FKBP52 advances GR to the next stage of maturation

We previously described another GR:chaperone complex, the GR–maturation complex (GR:Hsp90:p23) (ref. 13), which also contains a closed Hsp90 dimer and a folded, ligand-bound GR (Fig. 3a). However, in the GR:Hsp90:FKBP52 complex, GR is rotated by approximately 45° relative to the GR–maturation complex (Fig. 3a). Hsp90ASrc-loop interacts with GRpre-Helix1 in the maturation complex, but flips out to stabilize the rotated GR position in the GR:Hsp90:FKBP52 complex by interacting with the GRhydrophobic-patch (Fig. 3b,c).
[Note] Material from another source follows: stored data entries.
(* Let $n\ge1$ and let $\phi_n$ be the basic limit function of $S_n$. Then $$0<\phi_n(-2n+2)<\phi_n(-2n+3)<\cdots<\phi_n(-1)<\phi_n(0),$$ and moreover $$\phi_n(-n)=\frac{n-1}{2n-1}\,\phi_n(0).$$
   Context: For an integer $n\ge1$, the subdivision scheme $S_n$ acts on real sequences $\mathbf f^k=(f^k_i)_{i\in\mathbb Z}$ (the value $f^k_i$ being associated with the dyadic point $2^{-k}i$) by the refinement rules $$f^{k+1}_{2i}=\frac1{2n-1}\sum_{j=-n+1}^{n-1}f^k_{i+j},\qquad f^{k+1}_{2i+1}=\frac1{2n}\sum_{j=-n+1}^{n}f^k_{i+j}.$$ This scheme is convergent: for every bounded initial sequence $\mathbf f^0$ there is a continuous $F:\mathbb R\to\mathbb R$ with $\lim_{k\to\infty}\sup_i|f^k_i-F(2^{-k}i)|=0$. The basic limit function $\phi_n$ is the limit function generated from the initial data $\delta$, where $\delta_0=1$ and $\delta_i=0$ for $i\neq0$. *)

From Stdlib Require Import Reals ZArith.
Open Scope R_scope.

Fixpoint zsum (a : Z) (len : nat) (f : Z -> R) : R :=
  match len with
  | O => 0
  | S m => f a + zsum (a + 1)%Z m f
  end.

(* One refinement step of S_n:
   f^{k+1}_{2i}   = 1/(2n-1) * sum_{j=-n+1}^{n-1} f^k_{i+j}
   f^{k+1}_{2i+1} = 1/(2n)   * sum_{j=-n+1}^{n}   f^k_{i+j} *)
Definition Sn_step (n : nat) (f : Z -> R) (i : Z) : R :=
  let j := (i / 2)%Z in
  if Z.even i
  then / (2 * INR n - 1) * zsum (j - Z.of_nat n + 1)%Z (2 * n - 1)%nat f
  else / (2 * INR n) * zsum (j - Z.of_nat n + 1)%Z (2 * n)%nat f.

Fixpoint Sn_iter (n : nat) (k : nat) (f : Z -> R) : Z -> R :=
  match k with
  | O => f
  | S k' => Sn_step n (Sn_iter n k' f)
  end.

Definition delta (i : Z) : R := if Z.eqb i 0 then 1 else 0.

Definition is_limit_function (n : nat) (f0 : Z -> R) (F : R -> R) : Prop :=
  forall eps : R, 0 < eps -> exists K : nat, forall k : nat, (K <= k)%nat ->
    forall i : Z, Rabs (Sn_iter n k f0 i - F (IZR i / 2 ^ k)) <= eps.

Definition is_basic_limit_function (n : nat) (phi : R -> R) : Prop :=
  continuity phi /\ is_limit_function n delta phi.

From Stdlib Require Import Reals ZArith Lia Lra.
Open Scope R_scope.

(* Let a_j be the mask of S_n, equal to c_e = 1/(2n-1) or c_o = 1/(2n) on its even and odd
   support. Passing to the
   limit in S^(k+1) delta = sum_j a_j S^k delta(. - 2^k j) shows that p(m) = phi_n(m) is
   nonnegative, even, not identically zero, vanishes for |m| >= 2n-1, and satisfies the
   two-scale relation p(m) = sum_j a_j p(2m - j). Comparing the relation at m and m+1 leaves
   only boundary terms: for m < 0, p(m+1) - p(m) = c_e p(2m+2n) + c_o p(2m+2n+1) >= 0, so p
   peaks at 0. The relation also gives p(m) >= c_o p(min(0, 2m+2n-1)), hence p > 0 on
   |m| <= 2n-2, which makes the increments strictly positive. Finally the relations at 0 and
   at -n involve the same even and odd half sums of p; eliminating them gives the value at -n. *)

Lemma Rabs_le_bounds (x e : R) : Rabs x <= e <-> - e <= x <= e.
Proof. unfold Rabs; destruct (Rcase_abs x); split; intros; lra. Qed.

Lemma eq_of_Rabs_sub_le_mul_eps (x y C : R) :
  0 <= C -> (forall eps, 0 < eps -> Rabs (x - y) <= C * eps) -> x = y.
Proof.
  intros HC H.
  assert (Habs : Rabs (x - y) <= 0).
  { apply Rle_plus_epsilon. intros eps Heps.
    assert (Hle : C * (eps / (C + 1)) <= eps).
    { apply (Rmult_le_reg_r (C + 1)); [lra|].
      replace (C * (eps / (C + 1)) * (C + 1)) with (C * eps) by (field; lra). nra. }
    pose proof (H (eps / (C + 1)) ltac:(apply Rdiv_lt_0_compat; lra)). lra. }
  apply Rabs_le_bounds in Habs. lra.
Qed.

(** * Finite sums over integer ranges *)

Lemma zsum_ext a len f g :
  (forall t, (a <= t < a + Z.of_nat len)%Z -> f t = g t) ->
  zsum a len f = zsum a len g.
Proof.
  revert a; induction len as [|len IH]; intros a H; simpl; [reflexivity|].
  rewrite (H a) by lia. f_equal. apply IH. intros t Ht. apply H. lia.
Qed.

Lemma zsum_add a len f g :
  zsum a len (fun t => f t + g t) = zsum a len f + zsum a len g.
Proof. revert a; induction len; intros a; simpl; [lra|]. rewrite IHlen; lra. Qed.

Lemma zsum_scal a len c f :
  zsum a len (fun t => c * f t) = c * zsum a len f.
Proof. revert a; induction len; intros a; simpl; [lra|]. rewrite IHlen; lra. Qed.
In both complexes, GRpre-Helix1 is threaded through the Hsp90lumen; however, in the GR:Hsp90:FKBP52 complex, GR has translocated through the Hsp90lumen by two residues, positioning prolines (GRP522,P526) in the hydrophobic pockets of the lumen rather than leucines (GRL525,L528) (Fig. 3d). This translocation positions GRLBD further from Hsp90, probably allowing enough space for the observed GR rotation. Despite the translocation and rotation of GR, Hsp90 uses the same surfaces to bind GR (Hsp90Bamphi-α, Hsp90ASrc-loop and Hsp90AW320); however, the contact surfaces on GR are different. The rotation of GR may facilitate LBD dimerization, which is on pathway to activation. In the GR–maturation complex, dimerization of the LBD clashes with Hsp90CTD; however, due to the rotation of the LBD in the GR:Hsp90:FKBP52 complex, LBD dimerization would now be sterically permitted after FKBP52 release (Extended Data Fig. 5c).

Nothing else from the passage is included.